Aufgrund verschiedener politischer Vorstösse und dem Expertinnenbericht „Migrantinnen im Kanton Bern“, der gestützt auf das vom Grossen Rat überwiesene Postulat Gurtner erarbeitet wurde, hat der Regierungsrat auf Vorschlag der Gesundheits- und Fürsorgedirektion im Mai 2003 die 1. Etappe zur Realisierung einer zentralen Fachstelle Integration beschlossen. Die Fachstelle hat im Oktober 2003 die Arbeit aufgenommen. Ihr Auftrag ist es unter anderem, die Koordination in Sachen Integration zwischen den kantonalen Direktionen und den Städten und Gemeinden aufzubauen und sicherzustellen.

Im letzten Jahr fanden zwei kantonale Integrationskonferenzen mit Vertreterinnen und Vertretern vieler Gemeinden und Städte statt. In den ersten beiden Konferenzen ging es vor allem um die Erfassung der konkreten Bedürfnisse und Anliegen in den Gemeinden.

(3)

3

Im Oktober wurde für die weitere Arbeit eine Umfrage zur Situation der Migrantinnen und Migranten in den Gemeinden durchgeführt. In vielen Gemeinden leben nur wenige Ausländerinnen und Ausländer. Hier wird in der Regel auch kein Bedarf für Massnahmen gesehen. Anders ist die Situation in den Städten und Agglomerationen. Hier liegt der Anteil der Ausländerinnen und Ausländer zum Teil deutlich über dem kantonalen Durchschnitt.

Die Städte Bern, Biel und Thun verfügen über professionelle Strukturen. In diesem Jahr sind wiederum zwei kantonale Konferenzen geplant, in welchen die Arbeit an einzelnen Themen aufgenommen wird, wie zum Beispiel die Begrüssung neu in die Gemeinde zuziehende Ausländerinnen und Ausländer, die Einrichtung von interkulturellen Treffpunkten oder die Vernetzung der Angebote für den Spracherwerb unserer Standardsprachen Deutsch und Französisch.

Die vom Interpellanten angeregten Strukturen für den Dialog zwischen einheimischer und zugewanderter Bevölkerung sind also im Aufbau begriffen und finden bei vielen Gemeinden Beachtung.

Zu Frage 4:

Die Frage der Ausbildung der Imame ist ein Thema, das die ganze Schweiz betrifft.

Der Bundesrat hat sich dazu anlässlich einer Anfrage von Nationalrat Mario Fehr (SP) auch bereits geäussert.

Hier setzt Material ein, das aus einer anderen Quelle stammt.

(* For every $\gamma\ge0$, $\bar{\mathcal R}_\gamma=\mathcal R_\gamma$. Equivalently, $\mathcal R_\gamma\times\{\gamma\}$ is exactly the set of triples $(E_1,E_2,E_\Omega)$ with $E_\Omega=\gamma$ that are achievable by fixed-length tests with a rejection option.
   Context: Standing assumptions: $\mathcal X$ is a finite set and $\mathsf P_1,\mathsf P_2$ are two distinct probability mass functions on $\mathcal X$, both with full support. Under hypothesis $H_i$ the observations $X_1,X_2,\dots$ are i.i.d. with law $\mathsf P_i$, and $\mathsf P_i(\cdot)$ denotes probability under $H_i$. $\gamma$-almost-fixed-length region: $(E_1,E_2)\in\mathcal R_\gamma$ if for every $\delta>0$ there exist $l\in\mathbb Z^+$, $C>0$, $n_0$, and for every $n\ge n_0$ a test $(\tau_n,d_n)$ with: - $\tau_n$ a stopping time for the natural filtration of $X_1,X_2,\dots$, and $d_n\in\{1,2\}$ a function of $X_1,\dots,X_{\tau_n}$; - $\tau_n\le Cn^l$; - $\mathsf P_i(\tau_n>n)\le e^{-\gamma n}$ for $i=1,2$; - $\mathsf P_1(d_n=2)\le e^{-(E_1-\delta)n}$; - $\mathsf P_2(d_n=1)\le e^{-(E_2-\delta)n}$. Tests with rejection option: a fixed-length test with rejection option on $n$ samples is a partition of $\mathcal X^n$ into three sets $A_1^n,A_2^n,A_\Omega^n$. On $A_i^n$ it accepts $H_i$; on $A_\Omega^n$ it rejects both hypotheses. Region $\bar{\mathcal R}_\gamma$: for $\gamma\ge0$, $(E_1,E_2)\in\bar{\mathcal R}_\gamma$ if for every $\delta>0$ there exist $n_0$ and, for every $n\ge n_0$, such a partition with: - $\mathsf P_1((X_1,\dots,X_n)\in A_2^n)\le e^{-(E_1-\delta)n}$; - $\mathsf P_2((X_1,\dots,X_n)\in A_1^n)\le e^{-(E_2-\delta)n}$; - $\mathsf P_1((X_1,\dots,X_n)\in A_\Omega^n)+\mathsf P_2((X_1,\dots,X_n)\in A_\Omega^n)\le e^{-(\gamma-\delta)n}$. *)

From Stdlib Require Import Reals.
From mathcomp Require Import all_boot.
Set Implicit Arguments. Unset Strict Implicit. Unset Printing Implicit Defensive.

Open Scope R_scope.

Inductive hyp := H1 | H2.
Definition hyp_eqb (a b : hyp) : bool :=
  match a, b with H1, H1 | H2, H2 => true | _, _ => false end.

Definition sumR (T : finType) (F : T -> R) : R := \big[Rplus/0]_(t : T) F t.

Definition full_pmf (X : finType) (P : X -> R) : Prop :=
  (forall x, 0 < P x) /\ sumR P = 1.

Definition probN (X : finType) (P : X -> R) (N : nat) (A : pred (N.-tuple X)) : R :=
  \big[Rplus/0]_(s : N.-tuple X | A s) \big[Rmult/1]_(i < N) P (tnth s i).

(* A sequential test (tau, d) whose stopping time is bounded by N, viewed as
   a function of the first N samples.  [stop_rule tau d] says tau is a stopping
   time (the event {tau = k} depends only on X_1..X_k) and d is a function of
   X_1..X_tau: both are determined by the first tau samples. *)
Definition stop_rule (X : finType) (N : nat)
  (tau : N.-tuple X -> nat) (d : N.-tuple X -> hyp) : Prop :=
  (forall s, (tau s <= N)%N) /\
  (forall s s' : N.-tuple X,
     (forall i : 'I_N, (i < tau s)%N -> tnth s i = tnth s' i) ->
     tau s' = tau s /\ d s' = d s).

In der Antwort hält der Bundesrat fest, dass die Bereitstellung eines Ausbildungs- programmes oder eines universitären Studienganges grundsätzlich in den Zuständigkeitsbereich und die Kompetenz der muselmanischen Gemeinschaften falle. Der Bund subventioniere die Universitätskantone aufgrund des Bundesgesetzes über die Förderung der Universitäten und über die Zusammenarbeit im Hochschulbereich.

Spezialfinanzierungen für einzelne spezielle Studiengänge seien darin nicht vorgesehen.

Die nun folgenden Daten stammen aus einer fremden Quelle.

Lemma wvalid_distribution (t : tree K) (w : 'I_K -> R) :
  wvalid d theta nu win t w ->
  [/\ \sum_j w j = 1, forall j, 0 <= w j & forall j, j \notin leaves t -> w j = 0].
Proof.
elim: t w => [l | L n f IHf] w /=.
  move=> w_leaf; split.
  - by rewrite (eq_bigr _ (fun j _ => w_leaf j)) -big_mkcond big_pred1_eq.
  - by move=> j; rewrite w_leaf; case: (j == l).
  - by move=> j; rewrite inE w_leaf => /negbTE ->.
have not_in_child j i : j \notin flatten [seq leaves (f i) | i <- enum 'I_n.+1] ->
    j \notin leaves (f i).
  by apply: contra => j_in; apply/flatten_mapP; exists i; rewrite ?mem_enum.
case: ifP => d_gt0; last by case=> w_ge0 [w_sum w_out]; split.
case: ifP => isP_L.
  case=> i [_ [_ [wc [wc_valid w_eq]]]].
  have [wc_sum wc_ge0 wc_out] := IHf i wc wc_valid.
  split.
  - rewrite -wc_sum; apply: eq_bigr => j _; rewrite w_eq.
    by case: ifP => // /negbT /wc_out ->.
  - by move=> j; rewrite w_eq; case: ifP.
  - by move=> j /not_in_child j_out; rewrite w_eq (negbTE (j_out i)).
move: d_gt0; rewrite /= isP_L; case: forallP => [dc_gt0 _ | _]; last by rewrite ltxx.
case=> wc [wc_valid w_eq].
set D := \sum_(i' < n.+1) (dval d theta nu win (f i'))^-1.
have D_gt0 : 0 < D.
  rewrite /D (bigD1 ord0) //= ltr_pwDl ?invr_gt0 // sumr_ge0 // => i _.
  by rewrite invr_ge0 ltW.
have w_sum_children j :
    w j = \sum_(i < n.+1) (wc i j / dval d theta nu win (f i) / D).
  rewrite w_eq; apply: eq_bigr => i _; case: ifP => // /negbT j_out.
  by have [_ _ ->] := IHf i _ (wc_valid i); rewrite ?mul0r.
split.
- rewrite (eq_bigr _ (fun j _ => w_sum_children j)) exchange_big /=.
  rewrite -[RHS](divff (lt0r_neq0 D_gt0)) mulr_suml; apply: eq_bigr => i _.
  have [wc_sum _ _] := IHf i _ (wc_valid i).
  by rewrite -!mulr_suml wc_sum mul1r.
- move=> j; rewrite w_sum_children sumr_ge0 // => i _.
  have [_ wc_ge0 _] := IHf i _ (wc_valid i).
  by rewrite !divr_ge0 // ltW.
- by move=> j /not_in_child j_out; rewrite w_eq big1 // => i _; rewrite (negbTE (j_out i)).
Qed.

End AdmissibleWeights.

Lemma leaf_index_gt0 K (t : tree K) : (0 < K)%N.
Proof. by elim: t => [[l lt_lK] | L n f IHf]; [exact: leq_ltn_trans lt_lK | exact: IHf ord0]. Qed.

Section Counts.
Variables (K : nat) (I : nat -> 'I_K).

Lemma NcountS l t : Ncount I l t.+1 = (Ncount I l t + (I t.+1 == l))%N.
Proof. by rewrite /Ncount big_nat_recr. Qed.

Lemma leq_Ncount l : {homo Ncount I l : s t / (s <= t)%N}.
Proof. by apply: homo_leq => [//|s t u /leq_trans|t]; [apply | rewrite NcountS leq_addr]. Qed.

Lemma Ncount_le l t : (Ncount I l t <= t)%N.
Proof.
elim: t => [|t IHt]; first by rewrite /Ncount big_geq.
by rewrite NcountS -addn1 leq_add ?leq_b1.
Qed.

Lemma sum_Ncount t : (\sum_l Ncount I l t = t)%N.
Proof.
rewrite /Ncount exchange_big /= (eq_bigr (fun=> 1%N)) => [|s _].
  by rewrite sum_nat_const_nat muln1 subn1.
rewrite (bigD1 (I s)) //= eqxx big1 // => l.
by rewrite eq_sym => /negbTE ->.
Qed.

Der Regierungsrat hat keine Einwände gegen eine Ausbildung der Imame an der Universität Bern, vorausgesetzt, die Bestrebungen sind gesamtschweizerisch koordiniert;

d.h. eine deutschsprachige Universität ist für das Angebot verantwortlich.

Zu Frage 5:

Wie in der Antwort zu Frage 3 ausgeführt, ist in einer 1. Etappe die zentrale Fachstelle Integration eingerichtet worden. Die Schwerpunkte sind neben der bereits dargestellten Koordination zwischen den kantonalen Direktionen und den Gemeinden und Städten, die optimale Positionierung des Kantons Bern beim Förderprogramm der Eidg.

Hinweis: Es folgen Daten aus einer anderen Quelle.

(* Let $\mu$ be a Borel probability measure on $\mathbb{R}^d$ and $u\in\mathbb{R}^d$. Let $\{\theta_k\}_{k\in\mathbb{N}}\subset(0,\pi/2)$ and $\{v_k\}_{k\in\mathbb{N}}\subset\mathcal{S}^{d-1}$ satisfy $\theta_k\to0^+$ and $v_k\to v$ as $k\to\infty$. Then $$\limsup_{k\to\infty}\mu(\mathcal{A}_{u,v_k,\theta_k})\leq\mu(\{y:\langle y-u,v\rangle\geq0\}).$$
   Context: For $u\in\mathbb{R}^d$, $e\in\mathcal{S}^{d-1}$, $\theta\in(0,\pi/2)$: $\mathcal{A}_{u,e,\theta}=\{y\in\mathbb{R}^d:\langle u-y,e\rangle\leq\|u-y\|\,|\sin\theta|/(1-\sin^2\theta)^{1/2}\}$. *)

From HB Require Import structures.
From mathcomp Require Import all_boot all_order all_algebra.
From mathcomp Require Import all_classical all_reals all_analysis.
Set Implicit Arguments. Unset Strict Implicit. Unset Printing Implicit Defensive.
Import Order.TTheory GRing.Theory Num.Theory.
Import numFieldNormedType.Exports.
Local Open Scope classical_set_scope.
Local Open Scope ring_scope.

(* R^d is represented by row vectors 'rV[R]_d (product topology = Euclidean
   topology).  Its Borel sigma-algebra is the one generated by the open sets. *)
Definition Rd (R : realType) (d : nat) :=
  g_sigma_algebraType (@open ('rV[R]_d)).

Definition dotp (R : realType) (d : nat) (x y : 'rV[R]_d) : R :=
  \sum_(i < d) x ord0 i * y ord0 i.
Definition enorm (R : realType) (d : nat) (x : 'rV[R]_d) : R :=
  Num.sqrt (dotp x x).

Definition unit_sphere (R : realType) (d : nat) : set 'rV[R]_d :=
  [set e | enorm e = 1].

Definition coneA (R : realType) (d : nat) (u e : 'rV[R]_d) (theta : R)
  : set (Rd R d) :=
  [set y : 'rV[R]_d | dotp (u - y) e <=
     enorm (u - y) * (`|sin theta| / Num.sqrt (1 - sin theta ^+ 2))].

Definition halfspace (R : realType) (d : nat) (u v : 'rV[R]_d) : set (Rd R d) :=
  [set y : 'rV[R]_d | 0 <= dotp (y - u) v].

From HB Require Import structures.
From mathcomp Require Import all_boot all_order all_algebra.
From mathcomp Require Import all_classical all_reals all_analysis.
Set Implicit Arguments. Unset Strict Implicit. Unset Printing Implicit Defensive.
Import Order.TTheory GRing.Theory Num.Theory.
Import numFieldNormedType.Exports.
Local Open Scope classical_set_scope.
Local Open Scope ring_scope.

(* Reverse Fatou for sets: for a finite measure, limsup_k mu(A_k) is at most
   the measure of limsup_k A_k, the set of points lying in infinitely many A_k.
   The cones A_k are closed, hence Borel.  A point y lying in infinitely many of
   them satisfies <u - y, v_k> <= |u - y| |tan theta_k| infinitely often, and
   since tan theta_k -> 0 and v_k -> v this forces <u - y, v> <= 0, i.e. y lies
   in the closed half-space. *)

Section limn_esup_measure.
Context d (T : measurableType d) (R : realType).
Variable mu : {finite_measure set T -> \bar R}.

Lemma limn_esup_measure_le (F : (set T)^nat) : (forall k, measurable (F k)) ->
  (limn_esup (mu \o F) <= mu (lim_sup_set F))%E.
Proof.
move=> mF.
have mU n : measurable (\bigcup_(k >= n) F k).
  by apply: bigcup_measurable => k _; exact: mF.
have cvgU : mu (\bigcup_(k >= n) F k) @[n --> \oo] --> mu (lim_sup_set F).
  by apply: lim_sup_set_cvg => //; rewrite ltey_eq fin_num_measure.
rewrite limn_esup_lim -(cvg_lim _ cvgU) //.
apply: lee_lim; [exact: is_cvg_esups | exact: cvgP cvgU |].
apply: nearW => n; apply: ge_ereal_sup => _ [k /= nk <-].
by apply: le_measure; rewrite ?inE; [exact: mF | exact: mU | exact: bigcup_sup].
Qed.

End limn_esup_measure.

Lemma closed_measurable_borel (T : ptopologicalType) (A : set T) :
  closed A -> measurable (A : set (g_sigma_algebraType (@open T))).
Proof.
move=> cA; rewrite -(setCK A); apply: measurableC.
by apply: sub_gen_smallest; exact: closed_openC.
Qed.

Lemma closed_ge0_continuous (T : topologicalType) (R : realType) (g : T -> R) :
  continuous g -> closed [set y | 0 <= g y].
Proof.
by move=> gc; apply: (@preimage_closed _ _ g [set x | 0 <= x]) => [y _|];
  [exact: gc | exact: closed_ge].
Qed.

Section dotp_cvg.
Context (R : realType) (d : nat) (T : Type) (F : set_system T) {FF : Filter F}.
Implicit Types f g : T -> 'rV[R]_d.

Lemma cvg_dotp f g a b : f @ F --> a -> g @ F --> b ->
  dotp (f x) (g x) @[x --> F] --> dotp a b.
Proof.
move=> fa gb; rewrite /dotp.
have cvg_coord i : f x ord0 i * g x ord0 i @[x --> F] --> a ord0 i * b ord0 i.
  by apply: cvgM; [exact: (continuous_cvg _ (@coord_continuous _ _ _ ord0 i a)) |
    exact: (continuous_cvg _ (@coord_continuous _ _ _ ord0 i b))].
elim: (index_enum _) => [|i r IHr].
  by rewrite big_nil; under eq_fun do rewrite big_nil; exact: cvg_cst.
by rewrite big_cons; under eq_fun do rewrite big_cons; exact: cvgD.
Qed.

Lemma cvg_enorm f a : f @ F --> a -> enorm (f x) @[x --> F] --> enorm a.
Proof.
move=> fa; rewrite /enorm.
by apply: continuous_cvg; [exact: sqrt_continuous | exact: cvg_dotp].
Qed.

End dotp_cvg.

Lemma dotpNl (R : realType) (d : nat) (x v : 'rV[R]_d) :
  dotp (- x) v = - dotp x v.
Proof. by rewrite /dotp -sumrN; apply: eq_bigr => i _; rewrite mxE mulNr. Qed.

(* Equal to [`|tan theta|] when [`|theta| < pi / 2]. *)
Definition cone_slope (R : realType) (theta : R) : R :=
  `|sin theta| / Num.sqrt (1 - sin theta ^+ 2).

Lemma cone_slope_cvg0 (R : realType) (T : Type) (F : set_system T) {FF : Filter F}
    (theta : T -> R) :
  theta @ F --> 0 -> cone_slope (theta x) @[x --> F] --> 0.
Proof.
move=> theta0.
have sin_theta0 : sin (theta x) @[x --> F] --> 0.
  by rewrite -(sin0 R); apply: continuous_cvg => //; exact: continuous_sin.
have cos_theta1 : Num.sqrt (1 - sin (theta x) ^+ 2) @[x --> F] --> (1 : R).
  rewrite -[X in _ --> X]sqrtr1; apply: continuous_cvg; first exact: sqrt_continuous.
  rewrite -[X in _ --> X]subr0 -(mulr0 0); under eq_fun do rewrite expr2.
  exact: cvgB (cvg_cst _) (cvgM sin_theta0 sin_theta0).
rewrite -(mul0r 1^-1); apply: cvgM; last exact: cvgV.
by rewrite -(@normr0 _ R^o); exact: cvg_norm.
Qed.

Section cone_geometry.
Context (R : realType) (d : nat).
Implicit Types u v e : 'rV[R]_d.

Lemma closed_coneA u e theta : closed (coneA u e theta : set 'rV[R]_d).
Proof.
have -> : coneA u e theta =
    [set y | 0 <= enorm (u - y) * cone_slope theta - dotp (u - y) e].
  by apply/seteqP; split => y; rewrite /= subr_ge0.
apply: closed_ge0_continuous => y.
have uy : u - x @[x --> nbhs y] --> u - y.
  by apply: cvgB; [exact: cvg_cst | exact: cvg_id].
apply: (@cvgB _ _ _ (nbhs y)).
- by apply: cvgM; [exact: cvg_enorm uy | exact: cvg_cst].
- exact: cvg_dotp uy (cvg_cst e).
Qed.

Lemma closed_halfspace u v : closed (halfspace u v : set 'rV[R]_d).
Proof.
apply: closed_ge0_continuous => y.
have yu : x - u @[x --> nbhs y] --> y - u.
  by apply: cvgB; [exact: cvg_id | exact: cvg_cst].
exact: cvg_dotp yu (cvg_cst v).
Qed.

Lemma lim_sup_set_coneA_sub_halfspace u (theta : nat -> R) (vs : nat -> 'rV[R]_d) v :
  theta @ \oo --> 0 -> vs @ \oo --> v ->
  lim_sup_set (fun k => coneA u (vs k) (theta k)) `<=` halfspace u v.
Proof.
move=> theta0 vsv y limsup_y; rewrite /halfspace /= -opprB dotpNl oppr_ge0 leNgt.
apply/negP => uy_v_gt0.
have gap_cvg : dotp (u - y) (vs k) - enorm (u - y) * cone_slope (theta k) @[k --> \oo]
    --> dotp (u - y) v.
  rewrite -[X in _ --> X]subr0 -(mulr0 (enorm (u - y))).
  apply: cvgB; first exact: cvg_dotp (cvg_cst _) vsv.
  exact: cvgM (cvg_cst _) (cone_slope_cvg0 theta0).
have [N _ gap_gt0] := cvgr_gt _ gap_cvg _ uy_v_gt0.
have [k /= Nk] := limsup_y N I.
by rewrite /coneA /= leNgt -subr_gt0 gap_gt0.
Qed.

End cone_geometry.

Theorem mainTheorem6 (R : realType) (d : nat) (mu : probability (Rd R d) R)
  (u : 'rV[R]_d) (theta : nat -> R) (vs : nat -> 'rV[R]_d) (v : 'rV[R]_d) :
  (forall k, 0 < theta k < pi / 2) ->
  (forall k, unit_sphere (vs k)) ->
  theta @ \oo --> 0 ->
  vs @ \oo --> v ->
  (limn_esup (fun k => mu (coneA u (vs k) (theta k))) <= mu (halfspace u v))%E.
Proof.
move=> _ _ theta0 vsv.
have mA k : measurable (coneA u (vs k) (theta k)).
  by apply: closed_measurable_borel; exact: closed_coneA.
apply: le_trans (limn_esup_measure_le mu mA) _.
apply: le_measure; rewrite ?inE.
- by apply: bigcap_measurable => // n _; exact: bigcup_measurable.
- by apply: closed_measurable_borel; exact: closed_halfspace.
- exact: lim_sup_set_coneA_sub_halfspace.
Qed.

Ausländerkommission. Projekte zur Förderung der Integration der Ausländerinnen und Ausländer werden durch Gelder des Bundes finanziell unterstützt. Weiter ist die Fachstelle beauftragt, die Grundlagen und Ziele einer kantonalen Integrationspolitik zu formulieren.

Die Integration der ausländischen Bevölkerung ist eine Querschnittaufgabe von Bund, Kanton und Gemeinden. Heute ist das Bundesgesetz über Aufenthalt und Niederlassung ANAG die rechtliche Grundlage. Es soll demnächst durch das neue Ausländergesetz abgelöst werden, welches zurzeit in den eidgenössischen Räten in Arbeit ist. Auf der Grundlage dieser Gesetze unterstützt der Bund finanziell die Integrationsleistungen in den Kantonen und Gemeinden.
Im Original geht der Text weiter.